Former adviser discusses
UN
By Russ Brickey
Staff
Writer
In a voice as smooth and cultured as a fine European
liquor, former United Nations adviser Frank Van Kappen addressed a small
group of Purdue students and faculty Monday night.
Van Kappen, a retired Netherlands marine corps
general, spoke for more than an hour about the difficulties of keeping
peace in the post Cold War era. He has been a vocal critic of the United
Nation's military mandates since leaving the organization in 1998.
"I'm a diplomat. I'm a solider. I'm not an American;
I'm a European," Van Kappen joked with the crowd. "So don't believe
everything I say."
Van Kappan gained a reputation as a solider in
the war on drugs while leading a joint U.S./Netherlands task force in
the Caribbean. When given his assignment to the United Nations, Van
Kappen hoped his ignorance of United Nations policy would exclude him
from the job.
"I always thought it was an organization that ran
away when people started shooting at them," Van Kappen said.
A fresh perspective was exactly what United Nation's
bureaucrats were looking for, however, and Van Kappen had the job. "It
was the most frustrating and the most rewarding work of my whole career,"
Van Kappen said.
The most serious problems facing United Nations
peacekeepers are often the political differences between member-nations.
"If you want to be successful (as a global peace
keeping organization)," Van Kappen said, "you have to dovetail your
political and military forces."
With the Cold War at an end, the political arena
has become more complex, and the United Nations military mandates have
become more difficult to enforce.
"In the good old days of the Cold War," Van Kappen
said, "the peace keeping missions were much fewer and much simpler."
Now the United Nations is often dealing with proxy
governments, which are no longer dependent on major powers. These conflicts
are more likely to be ethnic or civil wars, Van Kappen explained, sometimes
involving from four to six parties at a time.
"Those parties are not susceptible to international
pressure," Van Kappen said. "They don't command armies; they command
militias or armed gangs," which are not as easily controlled as
a formal army is.
"Armies do what they are told," Van Kappen said.
The reasons for many of the current conflicts are
often generations old and rooted in ethnic or religious differences.
Van Kappen used Serbia as an example to demonstrate
the point.
"Imagine, you put a lightly armed U.N. battalion
in an open air prison called 'a safe zone,'" Van Kappen said by way
of illustration, "and this is surrounded by hostile Serbian forces."

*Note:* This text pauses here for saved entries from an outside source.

Arguments net_cvg {R I} le a l.
Arguments net_limsup {R I} le a.
Arguments right_folner_net {G M} act m0 gfam R {I} le F.
Arguments restr {M Q} A x _.
Arguments npatterns {M Q} X F.
Arguments entropy R {M Q I} le F X.
Arguments act_invariant {G M Q} act X.

From HB Require Import structures.
From mathcomp Require Import all_boot all_order all_algebra.
From mathcomp Require Import monoid.
From mathcomp Require Import finmap.
From mathcomp Require Import all_classical all_reals all_analysis.
From mathcomp Require Import ring lra.

Set Implicit Arguments.
Unset Strict Implicit.
Unset Printing Implicit Defensive.
Import Order.TTheory GRing.Theory Num.Theory.

(* Tile F_i by the translates t <| E of the shape m0 <| E, for t in the
   E-interior of F_i.  By invariance of X every such tile misses a pattern, so
   j pairwise disjoint tiles cut the number of patterns on F_i by the factor
   (1 - |Q|^-|E|)^j.  A greedy choice of disjoint tiles meets every interior
   tile, and a tile meets at most |E|^2 |G_0| others, so j is proportional to
   the size of the interior, which by the Følner property is eventually at
   least half of F_i. *)

Section GreedyPacking.
Variables (T : finType) (tile : T -> {set T}).

Definition tiles_union (ts : seq T) : {set T} := \bigcup_(t <- ts) tile t.

Fixpoint disjoint_tiles (ts : seq T) : bool :=
  if ts is t :: ts' then [disjoint tile t & tiles_union ts'] && disjoint_tiles ts'
  else true.

Fixpoint greedy_packing (acc s : seq T) : seq T :=
  if s is c :: s' then
    greedy_packing (if [disjoint tile c & tiles_union acc] then c :: acc else acc) s'
  else acc.

Lemma tiles_union_cat r s : tiles_union (r ++ s) = tiles_union r :|: tiles_union s.
Proof. by rewrite /tiles_union big_cat. Qed.

Lemma greedy_packing_suffix acc s : exists r, greedy_packing acc s = r ++ acc.
Proof.
elim: s acc => [|c s IH] acc /=; first by exists [::].
have [r ->] := IH (if [disjoint tile c & tiles_union acc] then c :: acc else acc).
by case: ifP => _; [exists (rcons r c); rewrite cat_rcons | exists r].
Qed.

Lemma greedy_packing_sub acc s : {subset greedy_packing acc s <= acc ++ s}.
Proof.
elim: s acc => [|c s IH] acc t /=; first by rewrite cats0.
case: ifP => _ /IH; rewrite !mem_cat !inE; last by case/orP => ->; rewrite ?orbT.
by case/orP => [/orP[]|] ->; rewrite ?orbT.
Qed.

In this real-life scenario, United Nations' advisers
requested at least 32,000 additional troops. They received 7,800.
"If the U.S. would have (sent in additional troops),"
Van Kappen said, "other (North American Trade Organizations) 'froggies'
would have jumped out of the barrel."
In part, Van Kappen blamed the difficulties on
the deeply rooted differences between the countries in the United Nations.
"Even though I am critical of the U.N.," Van Kappen
said, "it is very important. We'd better kick it till it works better."